Source material:

(* Let $G$ be a connected graph with $n\ge2$ vertices, $m$ edges, maximum degree $\Delta$ and minimum degree $\delta$, and assume $\gamma_n=0$. Then: if $G$ is not regular, $$QE(G)\ >\ \frac{2m+\frac12(\Delta-\delta)^2}{2\Delta-\frac{2m}{n}};$$ and if $G$ is regular, $QE(G)\ge n$, with equality if and only if $G\cong K_{\frac n2,\frac n2}$.
   Context: All graphs are finite, simple and undirected. For a graph $G$ with $n$ vertices and $m$ edges, let $q_1\ge\cdots\ge q_n\ge0$ be the eigenvalues of the signless Laplacian $Q(G)=D(G)+A(G)$ ($D(G)$ the diagonal degree matrix, $A(G)$ the adjacency matrix). The signless Laplacian energy is $QE(G)=\sum_{i=1}^n|q_i-\frac{2m}{n}|$. Let $\gamma_1\ge\gamma_2\ge\cdots\ge\gamma_n\ge0$ denote the numbers $|q_i-\frac{2m}{n}|$, $i=1,\dots,n$, arranged in nonincreasing order. *)

From HB Require Import structures.
From mathcomp Require Import all_boot all_order all_algebra.
From mathcomp Require Import perm reals.
Set Implicit Arguments. Unset Strict Implicit. Unset Printing Implicit Defensive.
Import Order.TTheory GRing.Theory Num.Theory.
Local Open Scope ring_scope.

Definition simple_graph n (e : rel 'I_n) : Prop := symmetric e /\ irreflexive e.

The problem:
Beginning with the first line, transcribe the complete listing exactly.

Exercise solution:
(* Let $G$ be a connected graph with $n\ge2$ vertices, $m$ edges, maximum degree $\Delta$ and minimum degree $\delta$, and assume $\gamma_n=0$. Then: if $G$ is not regular, $$QE(G)\ >\ \frac{2m+\frac12(\Delta-\delta)^2}{2\Delta-\frac{2m}{n}};$$ and if $G$ is regular, $QE(G)\ge n$, with equality if and only if $G\cong K_{\frac n2,\frac n2}$.
   Context: All graphs are finite, simple and undirected. For a graph $G$ with $n$ vertices and $m$ edges, let $q_1\ge\cdots\ge q_n\ge0$ be the eigenvalues of the signless Laplacian $Q(G)=D(G)+A(G)$ ($D(G)$ the diagonal degree matrix, $A(G)$ the adjacency matrix). The signless Laplacian energy is $QE(G)=\sum_{i=1}^n|q_i-\frac{2m}{n}|$. Let $\gamma_1\ge\gamma_2\ge\cdots\ge\gamma_n\ge0$ denote the numbers $|q_i-\frac{2m}{n}|$, $i=1,\dots,n$, arranged in nonincreasing order. *)

From HB Require Import structures.
From mathcomp Require Import all_boot all_order all_algebra.
From mathcomp Require Import perm reals.
Set Implicit Arguments. Unset Strict Implicit. Unset Printing Implicit Defensive.
Import Order.TTheory GRing.Theory Num.Theory.
Local Open Scope ring_scope.

Definition simple_graph n (e : rel 'I_n) : Prop := symmetric e /\ irreflexive e.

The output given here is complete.